(* Let $d\ge1$, $0<\epsilon<1$, and let $C_1,\ldots,C_n\in\mathbb{R}^{d+1}$ be a Pareto-optimal market for $\textsc{ProductDesign}(d)$. Let $r=\max\{\operatorname{ppu}(C_i): i\in\{1,\ldots,n\}\}$, $E=1/(1-\epsilon)$, $\ell=\lceil\log_E n\rceil$, and for $i\in\{0,\ldots,\ell\}$ let $H_i=\{(p,q_1,\ldots,q_d): p-\sum_{k=1}^d q_k=r(1-\epsilon)^i\}$. Then for every product $P^*=(p^*,q_1^*,\ldots,q_d^* )$ there exists a product $P\in H_i$ for some $i\in\{0,\ldots,\ell\}$ with $\operatorname{profit}(P)\ge(1-\epsilon)\operatorname{profit}(P^* )$.
   Context: A product $P=(p,q_1,\ldots,q_d)$ has price $p$ and qualities $q_k$; $\operatorname{ppu}(P)=p-\sum_k q_k$. Customer $C_i=(p_i,q_{i,1},\ldots,q_{i,d})$ buys $P$ iff $p\le p_i$ and $q_k\ge q_{i,k}$ for all $k$. $\operatorname{profit}(P)=\operatorname{ppu}(P)\cdot|\{i: C_i\text{ buys }P\}|$. Pareto-optimal: no two customers $C_i,C_j$ with $q_{i,k}>q_{j,k}$ for all $k$ and $p_i<p_j$. *)

From HB Require Import structures.
From mathcomp Require Import all_boot all_order all_algebra.
From mathcomp Require Import all_classical all_reals all_analysis.
Set Implicit Arguments. Unset Strict Implicit. Unset Printing Implicit Defensive.
Import Order.TTheory GRing.Theory Num.Theory.
Local Open Scope ring_scope.

(* A product / customer is a price p : R together with a quality vector
   q : 'I_d -> R, i.e. a point (p, q_1, ..., q_d) of R^(d+1). *)

Definition ppu {R : realType} {d : nat} (p : R) (q : 'I_d -> R) : R :=
  p - \sum_(k < d) q k.

Definition buys {R : realType} {d : nat} (cp : R) (cq : 'I_d -> R)
  (p : R) (q : 'I_d -> R) : bool :=
  (p <= cp) && [forall k, cq k <= q k].

Definition profit {R : realType} {d n : nat} (cp : 'I_n -> R)
  (cq : 'I_n -> 'I_d -> R) (p : R) (q : 'I_d -> R) : R :=
  ppu p q * (#|[set i : 'I_n | buys (cp i) (cq i) p q]|)%:R.

Definition pareto_optimal {R : realType} {d n : nat} (cp : 'I_n -> R)
  (cq : 'I_n -> 'I_d -> R) : Prop :=
  forall i j : 'I_n, ~ ((forall k, cq j k < cq i k) /\ cp i < cp j).

From HB Require Import structures.
From mathcomp Require Import all_boot all_order all_algebra.
From mathcomp Require Import all_classical all_reals all_analysis.
Set Implicit Arguments. Unset Strict Implicit. Unset Printing Implicit Defensive.
Import Order.TTheory GRing.Theory Num.Theory.
Local Open Scope ring_scope.

(* Let a = 1 - eps and let the given product have ppu u > 0; u <= r since u
   is at most the ppu of any of its buyers.  If r a^l <= u, take the least
   level i with r a^i <= u; then a u <= r a^i, and lowering the price until
   the ppu is r a^i keeps every buyer.  Otherwise u < r a^l <= r / n, so its
   profit is below r, which the customer of maximal ppu earns as a product.
   A product of nonpositive profit is beaten by a product nobody buys. *)

Lemma ceil_log_level (R : realType) (x a : R) : 1 <= x -> 0 < a -> a < 1 ->
  exists2 L : nat, L%:Z = Num.ceil (ln x / ln a^-1) & x * a ^+ L <= 1.
Proof.
move=> x1 a0 a1.
have lnE : 0 < ln a^-1 by rewrite ln_gt0 // invf_gt1.
have lnx : 0 <= ln x by rewrite ln_ge0.
set l := Num.ceil _.
have l0 : 0 <= l by rewrite ceil_ge0 // (lt_le_trans _ (divr_ge0 lnx (ltW lnE))) // ltrN10.
exists `|l|%N; first by rewrite gez0_abs.
have hl : ln x / ln a^-1 <= (`|l|%N)%:R.
  by rewrite -[(`|l|%N)%:R]/((Posz `|l|%N)%:~R) gez0_abs //; apply: ceil_ge.
have : ln x <= ln (a^-1 ^+ `|l|%N).
  by rewrite lnXn ?invr_gt0 // -mulr_natl -ler_pdivrMr.
rewrite ler_ln ?posrE ?(lt_le_trans ltr01 x1) ?exprn_gt0 ?invr_gt0 //.
by rewrite exprVn -div1r ler_pdivlMr ?exprn_gt0.
Qed.

Lemma exists_level_below (R : realFieldType) (a r u : R) (L : nat) :
  0 <= a -> a <= 1 -> 0 <= u -> u <= r -> r * a ^+ L <= u ->
  exists i : nat, [/\ (i <= L)%N, r * a ^+ i <= u & a * u <= r * a ^+ i].
Proof.
move=> a0 a1 u0 ur rL.
have [i Pi imin] := find_ex_minn (ex_intro (fun i => r * a ^+ i <= u) L rL).
exists i; split=> //; first exact: imin.
case: i Pi imin => [|k] _ imin.
  by rewrite expr0 mulr1 (le_trans _ ur) // ler_piMl.
have uk : u < r * a ^+ k by rewrite ltNge; apply/negP => /imin; rewrite ltnn.
by rewrite exprS mulrCA ler_wpM2l // (ltW uk).
Qed.

Section Market.

Variables (R : realType) (d n : nat) (cp : 'I_n -> R) (cq : 'I_n -> 'I_d -> R).

Lemma ppu_reprice (t p : R) (q : 'I_d -> R) : ppu (p - (ppu p q - t)) q = t.
Proof. by rewrite {1}/ppu addrAC opprB addrC subrK. Qed.

Lemma ppu_le_buyer (i : 'I_n) (p : R) (q : 'I_d -> R) :
  buys (cp i) (cq i) p q -> ppu p q <= ppu (cp i) (cq i).
Proof.
by case/andP=> hp /forallP hq; rewrite /ppu lerB // ler_sum.
Qed.

Lemma buyers_lower_price (p p' : R) (q : 'I_d -> R) : p' <= p ->
  (#|[set i | buys (cp i) (cq i) p q]| <= #|[set i | buys (cp i) (cq i) p' q]|)%N.
Proof.
move=> pp'; apply/subset_leq_card/fintype.subsetP => i.
by rewrite !inE /buys => /andP[/(le_trans pp') -> ->].
Qed.

Lemma profit_lower_ppu (t p : R) (q : 'I_d -> R) : 0 <= t -> t <= ppu p q ->
  t * (#|[set i | buys (cp i) (cq i) p q]|)%:R
    <= profit cp cq (p - (ppu p q - t)) q.
Proof.
move=> t0 tp; rewrite /profit ppu_reprice.
by rewrite ler_wpM2l // ler_nat buyers_lower_price // gerBl subr_ge0.
Qed.

Lemma exists_unsold_product (t : R) : (0 < d)%N ->
  exists (p : R) (q : 'I_d -> R), ppu p q = t /\ profit cp cq p q = 0.
Proof.
move=> d0; pose P := 1 + \sum_i `|cp i|.
exists P, (fun _ => (P - t) / d%:R); split.
  rewrite /ppu sumr_const card_ord -[_ *+ d]mulr_natr divfK ?pnatr_eq0 -?lt0n //.
  by rewrite opprB addrC subrK.
rewrite /profit (eq_card0 (A := [set i | _])) ?mulr0 // => i; rewrite inE /buys.
suff : cp i < P by rewrite ltNge => /negbTE ->.
rewrite /P (bigD1 i) //= addrCA; apply: le_lt_trans (ler_norm _) _.
by rewrite ltrDl (lt_le_trans ltr01) // lerDl sumr_ge0.
Qed.

Lemma profit_gt0_buyer (p : R) (q : 'I_d -> R) : 0 < profit cp cq p q ->
  exists2 i, buys (cp i) (cq i) p q & 0 < ppu p q.
Proof.
rewrite /profit; have [i bi|nob] := pickP (fun i => buys (cp i) (cq i) p q).
  rewrite pmulr_lgt0; first by exists i.
  by rewrite ltr0n card_gt0; apply/set0Pn; exists i; rewrite inE.
by rewrite (eq_card0 (A := [set i | _])) ?mulr0 ?ltxx // => i; rewrite inE nob.
Qed.

Lemma profit_le_ppu_mul_size (p : R) (q : 'I_d -> R) : 0 <= ppu p q ->
  profit cp cq p q <= ppu p q * n%:R.
Proof.
by move=> u0; rewrite /profit ler_wpM2l // ler_nat -[n in (_ <= n)%N]card_ord max_card.
Qed.

Lemma profit_customer_ge (j : 'I_n) : 0 <= ppu (cp j) (cq j) ->
  ppu (cp j) (cq j) <= profit cp cq (cp j) (cq j).
Proof.
move=> u0; rewrite /profit ler_peMr // ler1n card_gt0.
by apply/set0Pn; exists j; rewrite inE /buys lexx; apply/forallP.
Qed.

End Market.

Theorem lemma4 (R : realType) (d n : nat) (eps : R)
  (cp : 'I_n -> R) (cq : 'I_n -> 'I_d -> R) (r : R) :
  (1 <= d)%N -> (0 < n)%N -> 0 < eps -> eps < 1 ->
  pareto_optimal cp cq ->
  (* r = max { ppu(C_i) : i < n } *)
  (exists i : 'I_n, r = ppu (cp i) (cq i)) ->
  (forall i : 'I_n, ppu (cp i) (cq i) <= r) ->
  let E := (1 - eps)^-1 in
  let l : int := Num.ceil (ln (n%:R) / ln E) in
  forall (pstar : R) (qstar : 'I_d -> R),
  exists i : nat, (i%:Z <= l)%R /\
    exists (p : R) (q : 'I_d -> R),
      ppu p q = r * (1 - eps) ^+ i /\
      (1 - eps) * profit cp cq pstar qstar <= profit cp cq p q.
Proof.
move=> d1 n0 e0 e1 _ [j rj] rmax E l pstar qstar.
set a := 1 - eps in E l *.
have a0 : 0 < a by rewrite subr_gt0.
have a1 : a < 1 by rewrite ltrBlDr ltrDl.
have n1 : 1 <= n%:R :> R by rewrite ler1n.
have [L lL nL] := ceil_log_level n1 a0 a1.
have -> : l = L%:Z by rewrite /l /E lL.
set u := ppu pstar qstar.
have [hneg|hpos] := leP (profit cp cq pstar qstar) 0.
  exists 0%N; split=> //.
  have [p [q [pt p0]]] := exists_unsold_product cp cq (r * a ^+ 0) d1.
  by exists p, q; split=> //; rewrite p0 mulr_ge0_le0 // ltW.
have [i0 bi0 u0] := profit_gt0_buyer hpos.
have ur : u <= r := le_trans (ppu_le_buyer bi0) (rmax i0).
have [hlow|hhigh] := ltP u (r * a ^+ L).
  exists 0%N; split=> //; exists (cp j), (cq j); split; first by rewrite -rj expr0 mulr1.
  have r0 : 0 < r := lt_le_trans u0 ur.
  apply: le_trans (profit_customer_ge (ltW _)); rewrite -rj //.
  have unr : u * n%:R <= r.
    rewrite (le_trans (ler_wpM2r (ler0n _ n) (ltW hlow))) //.
    by rewrite -mulrA [_ * n%:R]mulrC ler_piMr // ltW.
  apply: le_trans (ler_piMl (ltW hpos) (ltW a1)) _.
  exact: le_trans (profit_le_ppu_mul_size cp cq (ltW u0)) unr.
have [i [iL ri ai]] := exists_level_below (ltW a0) (ltW a1) (ltW u0) ur hhigh.
exists i; split; first by rewrite lez_nat.
exists (pstar - (u - r * a ^+ i)), qstar; split; first exact: ppu_reprice.
have rai0 : 0 <= r * a ^+ i := le_trans (mulr_ge0 (ltW a0) (ltW u0)) ai.
apply: le_trans (profit_lower_ppu cp cq rai0 ri).
by rewrite /profit -/u mulrA ler_wpM2r.
Qed.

┄┄┄┄┄┄┄┄┄┄

In the listing above, find the line with "by rewrite ltrDl" and the line with "rewrite pmulr_lgt0; first by exists i."; output exactly those lines and all lines between them.

### Answer
by rewrite ltrDl (lt_le_trans ltr01) // lerDl sumr_ge0.
Qed.

Lemma profit_gt0_buyer (p : R) (q : 'I_d -> R) : 0 < profit cp cq p q ->
  exists2 i, buys (cp i) (cq i) p q & 0 < ppu p q.
Proof.
rewrite /profit; have [i bi|nob] := pickP (fun i => buys (cp i) (cq i) p q).
  rewrite pmulr_lgt0; first by exists i.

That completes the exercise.